Ney Carter Borges: Antithrombotic Therapy in 2025 – A Precision-Based Pharmacologic Update
Ney Carter Borges, Member Cardiologist of Global Physician Association at Cleveland Clinic Florida, shared a post on LinkedIn:
“Antithrombotic Therapy in 2025: A Precision-Based Pharmacologic Update
The 2025 cardiovascular literature substantially refined antithrombotic strategies across acute coronary syndromes (ACS), atrial fibrillation (AF), and prosthetic valve management, emphasizing individualized risk stratification and bleeding mitigation .
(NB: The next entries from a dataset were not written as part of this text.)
(* Let $k$ be a field, $V$ a finite dimensional $k$-vector space with basis $\{x_1,\dots,x_n\}$, and $F=\{f_i:V^{\otimes n_i}\to V^{\otimes m_i}\}_{i\in I}$ a family of linear maps ($n_i,m_i\in\mathbb{N}_0$). Let $A$ be a bialgebra and suppose $V$ is a left $A$-comodule with structure map $\rho_A:V\to A\otimes V$ such that every $f_i$ is $A$-colinear (where $V^{\otimes \ell}$ carries the tensor product comodule structure induced by the multiplication of $A$, and $V^{\otimes 0}=k$ the trivial comodule). Then there exists a unique bialgebra morphism $\pi:A(F)\to A$ such that $(\pi\otimes \mathrm{id}_V)\circ\rho=\rho_A$, where $\rho:V\to A(F)\otimes V$, $\rho(x_i)=\sum_j t_i^j\otimes x_j$.
   Context: $C$ is the coalgebra with basis $\{t_i^j\}_{i,j=1}^n$, $\Delta(t_i^j)=\sum_k t_i^k\otimes t_k^j$, $\epsilon(t_i^j)=\delta_i^j$; $TC$ is its tensor algebra with the induced bialgebra structure. For $I\in\{1,\dots,n\}^\ell$ write $x_I=x_{i_1}\otimes\cdots\otimes x_{i_\ell}$ and $t_I^J=t_{i_1}^{j_1}\cdots t_{i_\ell}^{j_\ell}$. For a linear map $f:V^{\otimes p}\to V^{\otimes q}$ with $f(x_I)=\sum_J f_I^Jx_J$, $\mathcal{I}_f$ is the two-sided ideal of $TC$ generated by the elements $\sum_{J} t_I^J f_J^K-\sum_J f_I^J t_J^K$ for all $I\in\{1,\dots,n\}^p$, $K\in\{1,\dots,n\}^q$ (first sum over $J\in\{1,\dots,n\}^p$, second over $J\in\{1,\dots,n\}^q$). Each $\mathcal{I}_f$ is a bi-ideal, and $A(F):=TC/\mathcal{I}_F$ with $\mathcal{I}_F=\sum_{i\in I}\mathcal{I}_{f_i}$ is a bialgebra; $V$ is an $A(F)$-comodule via $\rho(x_i)=\sum_j t_i^j\otimes x_j$ and all $f_i$ are $A(F)$-colinear. *)

From HB Require Import structures.
From mathcomp Require Import all_boot all_order all_algebra.
From mathcomp Require Import finmap generic_quotient.
From mathcomp.classical Require Import boolp.
From mathcomp.multinomials Require Import monalg.

Set Implicit Arguments.
Unset Strict Implicit.
Unset Printing Implicit Defensive.

Import GRing.Theory.
Local Open Scope ring_scope.
Local Open Scope quotient_scope.

Section Tensors.
Variable k : fieldType.

Definition bilinform (A B : lmodType k) (b : A -> B -> k) : Prop :=
  (forall c x x' y, b (c *: x + x') y = c * b x y + b x' y) /\
  (forall c x y y', b x (c *: y + y') = c * b x y + b x y').

Definition teq2 (A B : lmodType k) (s t : seq (A * B)) : Prop :=
  forall b : A -> B -> k, bilinform b ->
    \sum_(p <- s) b p.1 p.2 = \sum_(p <- t) b p.1 p.2.

End Tensors.

Section TC.
Variables (k : fieldType) (n : nat).
Definition TC := {malg k[{fmonom ('I_n * 'I_n)%type}]}.
Definition tgen (i j : 'I_n) : TC := << FMonom [:: (i, j)] >>.
Definition tmon (I J : seq 'I_n) : TC := \prod_(p <- zip I J) tgen p.1 p.2.
Definition TC_Delta (u : TC) : seq (TC * TC) :=
  flatten [seq [seq (u@_w *: tmon (unzip1 (fmonom_val w)) (val K),
                     tmon (val K) (unzip2 (fmonom_val w)))
               | K : (size (fmonom_val w)).-tuple 'I_n] | w <- msupp u].
Definition TC_eps (u : TC) : k :=
  \sum_(w <- msupp u) u@_w * \prod_(p <- fmonom_val w) (p.1 == p.2)%:R.
End TC.

Section Main.
Variables (k : fieldType) (n : nat).

Inductive in_ideal (R : pzRingType) (G : R -> Prop) : R -> Prop :=
  | ideal_gen g : G g -> in_ideal G g
  | ideal0 : in_ideal G 0
  | idealD u v : in_ideal G u -> in_ideal G v -> in_ideal G (u + v)
  | idealMl c u : in_ideal G u -> in_ideal G (c * u)
  | idealMr u c : in_ideal G u -> in_ideal G (u * c).

Record linmap := LinMap {
  ldom : nat; lcod : nat;
  lcoef : ldom.-tuple 'I_n -> lcod.-tuple 'I_n -> k }.

Definition If_gen (f : linmap) (I : (ldom f).-tuple 'I_n)
    (K : (lcod f).-tuple 'I_n) : TC k n :=
  \sum_(J : (ldom f).-tuple 'I_n) @lcoef f J K *: tmon k (val I) (val J)
  - \sum_(J : (lcod f).-tuple 'I_n) @lcoef f I J *: tmon k (val J) (val K).

Variables (Iset : Type) (F : Iset -> linmap).

Definition IF_gens (u : TC k n) : Prop :=
  exists i I K, u = @If_gen (F i) I K.

Definition IF : TC k n -> Prop := in_ideal IF_gens.

Definition eqIF (u v : TC k n) : bool := `[< IF (u - v) >].

Lemma eqIF_refl : reflexive eqIF.
Proof. by move=> u; apply/asboolP; rewrite subrr; apply: ideal0. Qed.

Lemma eqIF_sym : symmetric eqIF.
Proof.
move=> u v; apply/asboolP/asboolP => H.
  by rewrite -opprB -mulN1r; apply: idealMl.
by rewrite -opprB -mulN1r; apply: idealMl.
Qed.

Lemma eqIF_trans : transitive eqIF.
Proof.
move=> v u w /asboolP H1 /asboolP H2; apply/asboolP.
have -> : u - w = (u - v) + (v - w) by rewrite addrA subrK.
exact: idealD.
Qed.

Canonical eqIF_rel := EquivRel eqIF eqIF_refl eqIF_sym eqIF_trans.

Definition AF := {eq_quot eqIF_rel}.
Definition piAF (u : TC k n) : AF := \pi_AF u.
Definition AF_add (x y : AF) : AF := piAF (repr x + repr y).
Definition AF_mul (x y : AF) : AF := piAF (repr x * repr y).
Definition AF_one : AF := piAF 1.
Definition AF_scale (c : k) (x : AF) : AF := piAF (c *: repr x).
Definition AF_Delta (x : AF) : seq (AF * AF) :=
  [seq (piAF p.1, piAF p.2) | p <- TC_Delta (repr x)].
Definition AF_eps (x : AF) : k := TC_eps (repr x).
Definition rhoAF (i j : 'I_n) : AF := piAF (tgen k i j).

End Main.

Section Bialgebra.
Variable k : fieldType.

Definition trilinform (A B C : lmodType k) (b : A -> B -> C -> k) : Prop :=
  (forall c x x' y z, b (c *: x + x') y z = c * b x y z + b x' y z) /\
  (forall c x y y' z, b x (c *: y + y') z = c * b x y z + b x y' z) /\
  (forall c x y z z', b x y (c *: z + z') = c * b x y z + b x y z').

Definition teq3 (A B C : lmodType k) (s t : seq (A * B * C)) : Prop :=
  forall b : A -> B -> C -> k, trilinform b ->
    \sum_(p <- s) b p.1.1 p.1.2 p.2 = \sum_(p <- t) b p.1.1 p.1.2 p.2.

Variable A : algType k.
Implicit Types (Delta : A -> seq (A * A)) (eps : A -> k).

Definition is_bialgebra Delta eps : Prop :=
  [/\ (* Delta : A -> A (x) A is k-linear *)
      (forall c x y, teq2 (Delta (c *: x + y))
                          ([seq (c *: p.1, p.2) | p <- Delta x] ++ Delta y)),
      (* Delta is multiplicative and unital *)
      (forall x y, teq2 (Delta (x * y))
                        [seq (p.1 * q.1, p.2 * q.2) | p <- Delta x, q <- Delta y]),
      teq2 (Delta 1) [:: (1, 1)],
      (* coassociativity: (Delta (x) id) Delta = (id (x) Delta) Delta *)
      (forall x, teq3 [seq (q.1, q.2, p.2) | p <- Delta x, q <- Delta p.1]
                      [seq (p.1, q.1, q.2) | p <- Delta x, q <- Delta p.2]) &
      (forall x, \sum_(p <- Delta x) eps p.1 *: p.2 = x
                 /\ \sum_(p <- Delta x) eps p.2 *: p.1 = x)]
  /\
  [/\ (forall c x y, eps (c *: x + y) = c * eps x + eps y),
      (forall x y, eps (x * y) = eps x * eps y) & eps 1 = 1].

Variable n : nat.

Definition amon (a : 'I_n -> 'I_n -> A) (I J : seq 'I_n) : A :=
  \prod_(p <- zip I J) a p.1 p.2.

Definition is_comodule Delta eps (a : 'I_n -> 'I_n -> A) : Prop :=
  (forall i j, teq2 (Delta (a i j)) [seq (a i l, a l j) | l : 'I_n]) /\
  (forall i j, eps (a i j) = (i == j)%:R).

Definition colinear (a : 'I_n -> 'I_n -> A) (f : linmap k n) : Prop :=
  forall (I : (ldom f).-tuple 'I_n) (J : (lcod f).-tuple 'I_n),
    \sum_(K : (lcod f).-tuple 'I_n) @lcoef _ _ f I K *: amon a (val K) (val J)
    = \sum_(K : (ldom f).-tuple 'I_n) @lcoef _ _ f K J *: amon a (val I) (val K).

Variables (Iset : Type) (F : Iset -> linmap k n).

Definition is_bialg_morph_AF Delta eps (pi : AF F -> A) : Prop :=
  [/\ (forall x y, pi (AF_add x y) = pi x + pi y),
      (forall x y, pi (AF_mul x y) = pi x * pi y),
      pi (AF_one F) = 1,
      (forall c x, pi (AF_scale c x) = c *: pi x) &
   (forall x, teq2 [seq (pi p.1, pi p.2) | p <- AF_Delta x] (Delta (pi x)))
   /\ (forall x, eps (pi x) = AF_eps x)].
Lemma cfun_pos (t : R) : 0 < t < 1 -> 0 < cfun t.
Proof.
  intros Ht; pose proof (alpha1_neg t Ht); pose proof (alpha0_pos t Ht).
  unfold cfun; replace (- alpha0 t / alpha1 t) with (alpha0 t / - alpha1 t) by (field; lra).
  apply Rdiv_lt_0_compat; lra.
Qed.

(** * The entry T11 at c(t) *)

Definition T11_num (t : R) : R := 32 * alpha0 t + sqrt 2 * alpha1 t.

Lemma T11_cfun (t : R) : alpha1 t < 0 -> T11 (cfun t) t = 3 / 8 * T11_num t / - alpha1 t.
Proof. intros; unfold T11, T11_num, cfun; field; lra. Qed.

Definition T11_free (t a b : R) : R :=
  3456*t^2*b + 1944*t^2*a + (-5760)*t^3*b + 6480*t^3*a + 4992*t^4*b + (-23112)*t^4*a
  + (-10368)*t^5*b + 22464*t^5*a + 10368*t^6*b + (-34128)*t^6*a + (-4992)*t^7*b
  + 52704*t^7*a + 5760*t^8*b + (-34128)*t^8*a + (-3456)*t^9*b + 22464*t^9*a
  + (-23112)*t^10*a + 6480*t^11*a + 1944*t^12*a.

Definition T11_surd (t a b : R) : R :=
  (-3456)*t^2 + (-648)*t^2*a*b + 5454*t^3 + 648*t^3*a*b + 43236*t^4 + (-864)*t^4*a*b
  + (-58186)*t^5 + 2400*t^5*a*b + 47664*t^6 + (-1584)*t^6*a*b + (-2052)*t^7 + 1584*t^7*a*b
  + 3672*t^8 + (-2400)*t^8*a*b + (-8964)*t^9 + 864*t^9*a*b + 7344*t^10 + (-648)*t^10*a*b
  + (-3402)*t^11 + 648*t^11*a*b + 2916*t^12 + (-1458)*t^13.

Definition T11_norm (t a b : R) : R :=
  (-30233088)*t^5 + (-48079008)*t^5*a*b + (-928982196)*t^6 + 76352544*t^6*a*b
  + 2709217368*t^7 + (-250247232)*t^7*a*b + 1705954068*t^8 + 377068608*t^8*a*b
  + (-5890142448)*t^9 + (-576328608)*t^9*a*b + 10162444836*t^10 + 918874656*t^10*a*b
  + (-5972494984)*t^11 + (-837996288)*t^11*a*b + 7988055996*t^12 + 1055450880*t^12*a*b
  + (-2153901888)*t^13 + (-973134144)*t^13*a*b + (-3477657672)*t^14 + 554187840*t^14*a*b
  + 6989356080*t^15 + (-519361920)*t^15*a*b + (-4342805496)*t^16 + 116069760*t^16*a*b
  + 2699821152*t^17 + 138511296*t^17*a*b + (-883819512)*t^18 + (-180709056)*t^18*a*b
  + 9646128*t^19 + 285513984*t^19*a*b + 297566136*t^20 + (-251506944)*t^20*a*b
  + (-625423680)*t^21 + 177829344*t^21*a*b + 563624892*t^22 + (-117083232)*t^22*a*b
  + (-362009736)*t^23 + 73483200*t^23*a*b + 214387236*t^24 + (-26453952)*t^24*a*b
  + (-112429296)*t^25 + 13226976*t^25*a*b + 44641044*t^26 + (-5668704)*t^26*a*b
  + (-21257640)*t^27 + 6377292*t^28.

Lemma T11_surd_form (t : R) : 0 < t < 1 ->
  T11_num t * (6 * t ^ 2 * (1 - t) ^ 4 * q t ^ 3 * sqrt (q t))
  = T11_free t (sqrt 2) (sqrt 3) + T11_surd t (sqrt 2) (sqrt 3) * sqrt (q t).
Proof.
  intros Ht; unfold T11_num, alpha0, alpha1, T11_free, T11_surd; abstract_surds t s a b.
  apply (eq_of_sub_combination _ _ (s * s - q t) (a * a - 2) (b * b - 3) 0
    ((-729)*s + 1458*t*s + (-1701)*t^2*s + 2943*t^3*s + (-3024)*t^4*s + 1863*t^5*s
      + (-810)*t^6*s + (-810)*t^7*s + 1863*t^8*s + (-3024)*t^9*s + 2943*t^10*s
      + (-1701)*t^11*s + 1458*t^12*s + (-729)*t^13*s)
    0); [lra | lra | lra |].
  field_surds.
Qed.

Lemma T11_norm_eq (t a b : R) : a * a = 2 -> b * b = 3 ->
  surd_norm (T11_free t a b) (T11_surd t a b) (q t) = T11_norm t a b.
Proof.
  intros Ha Hb; symmetry.
  apply (eq_of_sub_combination _ _ (a * a - 2) (b * b - 3) 0
    (3779136*t^4 + (-1259712)*t^4*b^2 + 25194240*t^5 + 1679616*t^5*b^2 + (-47869056)*t^6
      + (-4199040)*t^6*b^2 + (-212191488)*t^7 + 12130560*t^7*b^2 + 692608320*t^8
      + (-13887936)*t^8*b^2 + (-1275761664)*t^9 + 25629696*t^9*b^2 + 2632518144*t^10
      + (-42204672)*t^10*b^2 + (-4324451328)*t^11 + 41149440*t^11*b^2 + 5311412352*t^12
      + (-60497280)*t^12*b^2 + (-6443380224)*t^13 + 70405632*t^13*b^2 + 7276283136*t^14
      + (-57892608)*t^14*b^2 + (-6443380224)*t^15 + 70405632*t^15*b^2 + 5311412352*t^16
      + (-60497280)*t^16*b^2 + (-4324451328)*t^17 + 41149440*t^17*b^2 + 2632518144*t^18
      + (-42204672)*t^18*b^2 + (-1275761664)*t^19 + 25629696*t^19*b^2 + 692608320*t^20
      + (-13887936)*t^20*b^2 + (-212191488)*t^21 + 12130560*t^21*b^2 + (-47869056)*t^22
      + (-4199040)*t^22*b^2 + 25194240*t^23 + 1679616*t^23*b^2 + 3779136*t^24
      + (-1259712)*t^24*b^2)
    (9424512*t^4 + (-36453888)*t^5 + 59284224*t^6 + (-104910336)*t^7 + 188247168*t^8
      + (-206198784)*t^9 + 223921152*t^10 + (-272775168)*t^11 + 187335936*t^12
      + (-116646912)*t^13 + 100237824*t^14 + 11639808*t^15 + (-53312256)*t^16
      + 42485760*t^17 + (-72465408)*t^18 + 51259392*t^19 + (-27775872)*t^20 + 24261120*t^21
      + (-8398080)*t^22 + 3359232*t^23 + (-2519424)*t^24)
    0); [lra | lra | lra |].
  unfold surd_norm, T11_norm, T11_free, T11_surd, q; ring.
Qed.

Lemma T11_free_pos (t a b : R) :
  sqrt23_bounds a b -> 0 < t < 1 -> 0 < T11_free t a b.
Proof.
  intros (? & ? & ?) Ht.
  destruct (Rle_lt_dec t (1/4)); [|destruct (Rle_lt_dec t (3/8)); [|destruct (Rle_lt_dec t (1/2))]].
  - bernstein_pos T11_free 16384 1 (t^2*(1-t)^3)
      (((-1) + 31850496*a + 56623104*b)*((4*t)^0*(1-4*t)^7)
       + ((-7) + 273383424*a + 415236096*b)*((4*t)^1*(1-4*t)^6)
       + ((-21) + 979623936*a + 1310982144*b)*((4*t)^2*(1-4*t)^5)
       + ((-35) + 1915066368*a + 2309357568*b)*((4*t)^3*(1-4*t)^4)
       + ((-35) + 2216194560*a + 2450743296*b)*((4*t)^4*(1-4*t)^3)
       + ((-21) + 1522406016*a + 1566449664*b)*((4*t)^5*(1-4*t)^2)
       + ((-7) + 575671968*a + 558243840*b)*((4*t)^6*(1-4*t)^1)
       + ((-1) + 92483208*a + 85549056*b)*((4*t)^7*(1-4*t)^0)).
  - bernstein_pos T11_free 2097152 1 (t^2*(1-t)^3)
      (((-1) + 11837850624*a + 10950279168*b)*((8*t-2)^0*(3-8*t)^7)
       + ((-7) + 87454425600*a + 79250325504*b)*((8*t-2)^1*(3-8*t)^6)
       + ((-21) + 276468380928*a + 245978628096*b)*((8*t-2)^2*(3-8*t)^5)
       + ((-35) + 484812984960*a + 424431058944*b)*((8*t-2)^3*(3-8*t)^4)
       + ((-35) + 509314440384*a + 439686463488*b)*((8*t-2)^4*(3-8*t)^3)
       + ((-21) + 320525843040*a + 273460297728*b)*((8*t-2)^5*(3-8*t)^2)
       + ((-7) + 111879873648*a + 94542299136*b)*((8*t-2)^6*(3-8*t)^1)
       + ((-1) + 16707290040*a + 14015987712*b)*((8*t-2)^7*(3-8*t)^0)).
  - bernstein_pos T11_free 2097152 1 (t^2*(1-t)^3)
      (((-1) + 16707290040*a + 14015987712*b)*((8*t-3)^0*(4-8*t)^7)
       + ((-7) + 122022186912*a + 101681528832*b)*((8*t-3)^1*(4-8*t)^6)
       + ((-21) + 381379722624*a + 316295675904*b)*((8*t-3)^2*(4-8*t)^5)
       + ((-35) + 661192782336*a + 546855124992*b)*((8*t-3)^3*(4-8*t)^4)
       + ((-35) + 686633822208*a + 567536517120*b)*((8*t-3)^4*(4-8*t)^3)
       + ((-21) + 427059634176*a + 353548369920*b)*((8*t-3)^5*(4-8*t)^2)
       + ((-7) + 147272269824*a + 122406567936*b)*((8*t-3)^6*(4-8*t)^1)
       + ((-1) + 21718499328*a + 18169724928*b)*((8*t-3)^7*(4-8*t)^0)).
  - bernstein_pos T11_free 128 1 (t^2*(1-t)^3)
      (((-1) + 1325592*a + 1108992*b)*((2*t-1)^0*(2-2*t)^7)
       + ((-7) + 10440576*a + 8930304*b)*((2*t-1)^1*(2-2*t)^6)
       + ((-21) + 34331904*a + 30950400*b)*((2*t-1)^2*(2-2*t)^5)
       + ((-35) + 60383232*a + 59796480*b)*((2*t-1)^3*(2-2*t)^4)
       + ((-35) + 59940864*a + 69500928*b)*((2*t-1)^4*(2-2*t)^3)
       + ((-21) + 31850496*a + 48562176*b)*((2*t-1)^5*(2-2*t)^2)
       + ((-7) + 7077888*a + 18874368*b)*((2*t-1)^6*(2-2*t)^1)
       + ((-1) + 3145728*b)*((2*t-1)^7*(2-2*t)^0)).
Qed.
In ACS, the Target-first trial demonstrated that discontinuing aspirin after one month of dual antiplatelet therapy (DAPT) and continuing potent P2Y12 inhibitor monotherapy reduced actionable bleeding (2.6% vs 5.6%, P equals .002) without increasing major adverse events (2.1% vs 2.2%).
Conversely, Neo-mindset showed that very early aspirin withdrawal within 4 days post-PCI, although reducing bleeding (2.0% vs 4.9%), failed to maintain non-inferiority for ischemic protection (MAE 7.0% vs 5.5%). These findings confirm that at least one month of DAPT remains essential after ACS.
In post-CABG patients (TACSI), ticagrelor plus aspirin did not reduce ischemic events compared with aspirin alone but doubled major bleeding (4.9% vs 2.2%).
The Celebrate trial further supported early pharmacologic platelet inhibition: pre-hospital subcutaneous zalunfiban improved coronary flow (P equals .012) and 30-day hierarchical outcomes (P equals .028) with only mild-to-moderate bleeding excess.
In AF, the Aquatic trial demonstrated that adding aspirin to oral anticoagulation (OAC) in stable chronic coronary syndrome increased major adverse events (16.9% vs 12.1%), major bleeding (10.2% vs 3.4%), and mortality.
Similarly, Adapt AF-DES confirmed the superiority of OAC monotherapy beyond 12 months after stenting.
In elderly frail patients, Combine-AF showed that switching from warfarin to a direct oral anticoagulant (DOAC) reduced intracranial hemorrhage (0.38%/year vs 1.33%/year) and fatal bleeding, at the cost of increased gastrointestinal bleeding.
Prestige-AF highlighted the complexity of anticoagulation after intracerebral hemorrhage: DOAC therapy markedly reduced ischemic stroke (0.83%/year vs 8.60%/year) but increased recurrent ICH (5.0%/year vs 0.82%/year), underscoring the need for individualized decisions.
In valvular disease, ENBALV demonstrated comparable short-term outcomes between edoxaban and warfarin after bioprosthetic valve surgery, while a randomized pilot study in mechanical valve thrombosis showed lower in-hospital and 1-year mortality with prolonged low-dose fibrinolysis compared with urgent surgery.
Collectively, 2025 data reinforce precision antithrombotic therapy—balancing ischemic benefit against bleeding risk through patient-specific, context-driven pharmacologic selection.”